(INPUT MATERIAL begins)

(* Let $\mathcal M=(V,E,c_V,L,\Theta)$ be a molecular graph with $V=\{v_1,\dots,v_n\}$, and suppose there exists $(v,w_1,w_2)\in E_2$ with $\Theta(v,w_1,w_2)\neq\pi$. Let $SO(3)$ act on $\mathcal C^P_{\mathcal M}$ by $A\cdot\varphi=A\circ\varphi$, let $\mathcal C^{int}_{\mathcal M}=\mathcal C^P_{\mathcal M}/SO(3)$ carry the quotient topology, and let $q:\mathcal C^P_{\mathcal M}\to\mathcal C^{int}_{\mathcal M}$ be the quotient map. Then $q$ is a principal $SO(3)$-bundle, and this bundle is trivial: there is an $SO(3)$-equivariant homeomorphism $\mathcal C^P_{\mathcal M}\cong \mathcal C^{int}_{\mathcal M}\times SO(3)$ commuting with the projections to $\mathcal C^{int}_{\mathcal M}$ (equivalently, $q$ admits a continuous section).
   Context: A molecular graph is a tuple $\mathcal M=(V,E,c_V,L,\Theta)$ where: $V$ is a finite set; $E\subseteq V\times V$ satisfies $(v,v)\notin E$ and $(v,w)\in E\iff (w,v)\in E$; $c_V:V\to\mathbb N$ (the atomic number of the atom at each vertex); $L:E\to(0,\infty)$ with $L(v,w)=L(w,v)$; and $\Theta:E_2\to(0,\pi]$ with $\Theta(v,w_1,w_2)=\Theta(v,w_2,w_1)$, where $E_2=\{(v,w_1,w_2)\in V^3: (v,w_1),(v,w_2)\in E,\ w_1\neq w_2\}$. The geometric realisation of $\mathcal M$ is the metric graph obtained by gluing a segment $[0,L(e)]$ for each edge $e$ along the vertices. A configuration of $\mathcal M$ is an injective continuous map $\varphi$ from the geometric realisation into $\mathbb R^3$ such that (i) the restriction of $\varphi$ to each edge is an isometric embedding, and (ii) for each $(v,w_1,w_2)\in E_2$ the angle at $\varphi(v)$ between the segments to $\varphi(w_1)$ and $\varphi(w_2)$ equals $\Theta(v,w_1,w_2)$. A configuration is identified with $(\varphi(v_1),\dots,\varphi(v_n))\in\mathbb R^{3n}$. Define $\mathcal C^P_{\mathcal M}$ as the set of configurations satisfying $\sum_{i=1}^n c_V(v_i)\varphi(v_i)=0$, with the subspace topology from $\mathbb R^{3n}$. A principal $SO(3)$-bundle here means: $SO(3)$ acts continuously on the total space, the base is the orbit space with the quotient map as projection, the map $(x,g)\mapsto(x,g\cdot x)$ is a homeomorphism onto its image, and the projection is locally trivial by $SO(3)$-equivariant trivialisations. *)

From Stdlib Require Import Reals Lra Lia Arith.
Open Scope R_scope.

Definition Opens (X : Type) := (X -> Prop) -> Prop.

Definition continuous {X Y : Type} (OX : Opens X) (OY : Opens Y) (f : X -> Y) : Prop :=
  forall V, OY V -> OX (fun x => V (f x)).

Definition homeomorphism {X Y : Type} (OX : Opens X) (OY : Opens Y) (f : X -> Y) : Prop :=
  exists g : Y -> X,
    (forall x, g (f x) = x) /\ (forall y, f (g y) = y) /\
    continuous OX OY f /\ continuous OY OX g.

Definition sub_open {X : Type} (OX : Opens X) (P : X -> Prop) : Opens {x : X | P x} :=
  fun V => exists U, OX U /\ forall s : {x : X | P x}, V s <-> U (proj1_sig s).

Definition prod_open {X Y : Type} (OX : Opens X) (OY : Opens Y) : Opens (X * Y) :=
  fun W => forall p, W p ->
    exists U V, OX U /\ OY V /\ U (fst p) /\ V (snd p) /\
      forall a b, U a -> V b -> W (a, b).

Definition quot_open {X Y : Type} (OX : Opens X) (q : X -> Y) : Opens Y :=
  fun O => OX (fun x => O (q x)).

Definition image_of {X Y : Type} (f : X -> Y) : Y -> Prop := fun y => exists x, y = f x.
Definition corestr {X Y : Type} (f : X -> Y) (x : X) : {y : Y | image_of f y} :=
  exist _ (f x) (ex_intro _ x eq_refl).
Definition homeo_onto_image {X Y : Type} (OX : Opens X) (OY : Opens Y) (f : X -> Y) : Prop :=
  homeomorphism OX (sub_open OY (image_of f)) (corestr f).

Definition R3 : Type := (R * R * R)%type.
Definition zero3 : R3 := (0, 0, 0).
Definition add3 (a b : R3) : R3 :=
  match a, b with (a1, a2, a3), (b1, b2, b3) => (a1 + b1, a2 + b2, a3 + b3) end.
Definition scal3 (k : R) (a : R3) : R3 :=
  match a with (a1, a2, a3) => (k * a1, k * a2, k * a3) end.
Definition sub3 (a b : R3) : R3 := add3 a (scal3 (-1) b).
Definition dot3 (a b : R3) : R :=
  match a, b with (a1, a2, a3), (b1, b2, b3) => a1 * b1 + a2 * b2 + a3 * b3 end.
Definition cross3 (a b : R3) : R3 :=
  match a, b with (a1, a2, a3), (b1, b2, b3) =>
    (a2 * b3 - a3 * b2, a3 * b1 - a1 * b3, a1 * b2 - a2 * b1) end.
Definition norm3 (a : R3) : R := sqrt (dot3 a a).
Definition dist3 (a b : R3) : R := norm3 (sub3 a b).

Definition angle3 (a b c : R3) : R :=
  acos (dot3 (sub3 b a) (sub3 c a) / (norm3 (sub3 b a) * norm3 (sub3 c a))).

(* a 3x3 real matrix, given by its three rows *)
Definition Mat3 : Type := (R3 * R3 * R3)%type.
Definition mat_vec (A : Mat3) (v : R3) : R3 :=
  match A with (r1, r2, r3) => (dot3 r1 v, dot3 r2 v, dot3 r3 v) end.
(* row i of A*B = sum_k A_ik (row k of B) *)
Definition mat_mul (A B : Mat3) : Mat3 :=
  match B with (b1, b2, b3) =>
    let row := fun a : R3 => match a with (x, y, z) =>
                 add3 (add3 (scal3 x b1) (scal3 y b2)) (scal3 z b3) end in
    match A with (a1, a2, a3) => (row a1, row a2, row a3) end end.
Definition det3 (A : Mat3) : R :=
  match A with (r1, r2, r3) => dot3 r1 (cross3 r2 r3) end.
(* A A^T = I, i.e. the rows are orthonormal *)
Definition orthogonal3 (A : Mat3) : Prop :=
  match A with (r1, r2, r3) =>
    dot3 r1 r1 = 1 /\ dot3 r2 r2 = 1 /\ dot3 r3 r3 = 1 /\
    dot3 r1 r2 = 0 /\ dot3 r1 r3 = 0 /\ dot3 r2 r3 = 0 end.
Definition is_SO3 (A : Mat3) : Prop := orthogonal3 A /\ det3 A = 1.
Definition SO3 : Type := {A : Mat3 | is_SO3 A}.

Definition mdist (A B : Mat3) : R :=
  match A, B with (a1, a2, a3), (b1, b2, b3) =>
    sqrt (dot3 (sub3 a1 b1) (sub3 a1 b1) + dot3 (sub3 a2 b2) (sub3 a2 b2)
          + dot3 (sub3 a3 b3) (sub3 a3 b3)) end.
Definition mat_open : Opens Mat3 :=
  fun U => forall A, U A -> exists eps, eps > 0 /\ forall B, mdist A B < eps -> U B.
Definition SO3_open : Opens SO3 := sub_open mat_open is_SO3.

(* the vertex set V = {v_1,...,v_n}, indexed by {0,...,n-1} *)
Definition Idx (n : nat) : Type := {i : nat | (i < n)%nat}.

(* a point of R^{3n} = (R^3)^n *)
Definition Conf (n : nat) : Type := Idx n -> R3.

Definition conf_open (n : nat) : Opens (Conf n) :=
  fun U => forall x, U x -> exists eps, eps > 0 /\
    forall y : Conf n, (forall i, dist3 (x i) (y i) < eps) -> U y.

Definition ext_idx {n : nat} {A : Type} (d : A) (f : Idx n -> A) (i : nat) : A :=
  match Compare_dec.lt_dec i n with
  | left h => f (exist _ i h)
  | right _ => d
  end.
Fixpoint sum3_upto (k : nat) (f : nat -> R3) : R3 :=
  match k with O => zero3 | S k' => add3 (sum3_upto k' f) (f k') end.
Definition sum_idx (n : nat) (f : Idx n -> R3) : R3 := sum3_upto n (ext_idx zero3 f).

(* M = (V, E, c_V, L, Theta) with V = Idx n; L and Theta are total
   functions, only their values on E resp. E_2 matter. *)
Definition in_E2 {n} (E : Idx n -> Idx n -> Prop) (v w1 w2 : Idx n) : Prop :=
  E v w1 /\ E v w2 /\ w1 <> w2.

Definition is_molecular_graph (n : nat) (E : Idx n -> Idx n -> Prop)
    (c : Idx n -> nat) (L : Idx n -> Idx n -> R)
    (Th : Idx n -> Idx n -> Idx n -> R) : Prop :=
  (forall v, ~ E v v) /\
  (forall v w, E v w <-> E w v) /\
  (forall v w, E v w -> 0 < L v w /\ L v w = L w v) /\
  (forall v w1 w2, in_E2 E v w1 w2 ->
      0 < Th v w1 w2 <= PI /\ Th v w1 w2 = Th v w2 w1).

(* Points of the geometric realisation: vertices u, and points (v,w,t)
   of the segment [0, L(v,w)] of the edge (v,w); the point (v,w,t) is
   identified with (w,v,L(v,w)-t), (v,w,0) with v and (v,w,L(v,w)) with w. *)
Definition is_endpoint {n} (L : Idx n -> Idx n -> R) (v w : Idx n) (t : R) (u : Idx n) : Prop :=
  (t = 0 /\ u = v) \/ (t = L v w /\ u = w).

Definition same_real_pt {n} (L : Idx n -> Idx n -> R)
    (v w : Idx n) (t : R) (v' w' : Idx n) (t' : R) : Prop :=
  (exists u, is_endpoint L v w t u /\ is_endpoint L v' w' t' u) \/
  (v = v' /\ w = w' /\ t = t') \/
  (v = w' /\ w = v' /\ t = L v w - t').

(* x : Conf n is (the vertex tuple of) a configuration: there is a map
   phi of the geometric realisation (given edgewise by phi v w on
   [0, L v w], with vertex values x) which is well defined, continuous,
   injective, isometric on each edge, and realises the bond angles. *)
Definition is_configuration (n : nat) (E : Idx n -> Idx n -> Prop)
    (L : Idx n -> Idx n -> R) (Th : Idx n -> Idx n -> Idx n -> R) (x : Conf n) : Prop :=
  exists phi : Idx n -> Idx n -> R -> R3,
    (* well defined on the glued space *)
    (forall v w, E v w ->
        phi v w 0 = x v /\ phi v w (L v w) = x w /\
        forall t, 0 <= t <= L v w -> phi v w t = phi w v (L v w - t)) /\
    (forall v w, E v w -> forall s, 0 <= s <= L v w -> forall eps, eps > 0 ->
        exists delta, delta > 0 /\ forall t, 0 <= t <= L v w -> Rabs (t - s) < delta ->
          dist3 (phi v w t) (phi v w s) < eps) /\
    (forall v w, E v w -> forall s t, 0 <= s <= L v w -> 0 <= t <= L v w ->
        dist3 (phi v w s) (phi v w t) = Rabs (s - t)) /\
    (forall u u', x u = x u' -> u = u') /\
    (forall v w t u, E v w -> 0 <= t <= L v w -> phi v w t = x u -> is_endpoint L v w t u) /\
    (forall v w t v' w' t', E v w -> E v' w' -> 0 <= t <= L v w -> 0 <= t' <= L v' w' ->
        phi v w t = phi v' w' t' -> same_real_pt L v w t v' w' t') /\
    (forall v w1 w2, in_E2 E v w1 w2 -> angle3 (x v) (x w1) (x w2) = Th v w1 w2).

(INPUT MATERIAL ends)

The exact lines of the material above starting at the one that contains "homeomorphism OX (sub_open" and ending at the one that contains "a3 + b3) end." are what to retype; leave out everything else.

▶ _RESPONSE TO THE TASK_:
  homeomorphism OX (sub_open OY (image_of f)) (corestr f).

Definition R3 : Type := (R * R * R)%type.
Definition zero3 : R3 := (0, 0, 0).
Definition add3 (a b : R3) : R3 :=
  match a, b with (a1, a2, a3), (b1, b2, b3) => (a1 + b1, a2 + b2, a3 + b3) end.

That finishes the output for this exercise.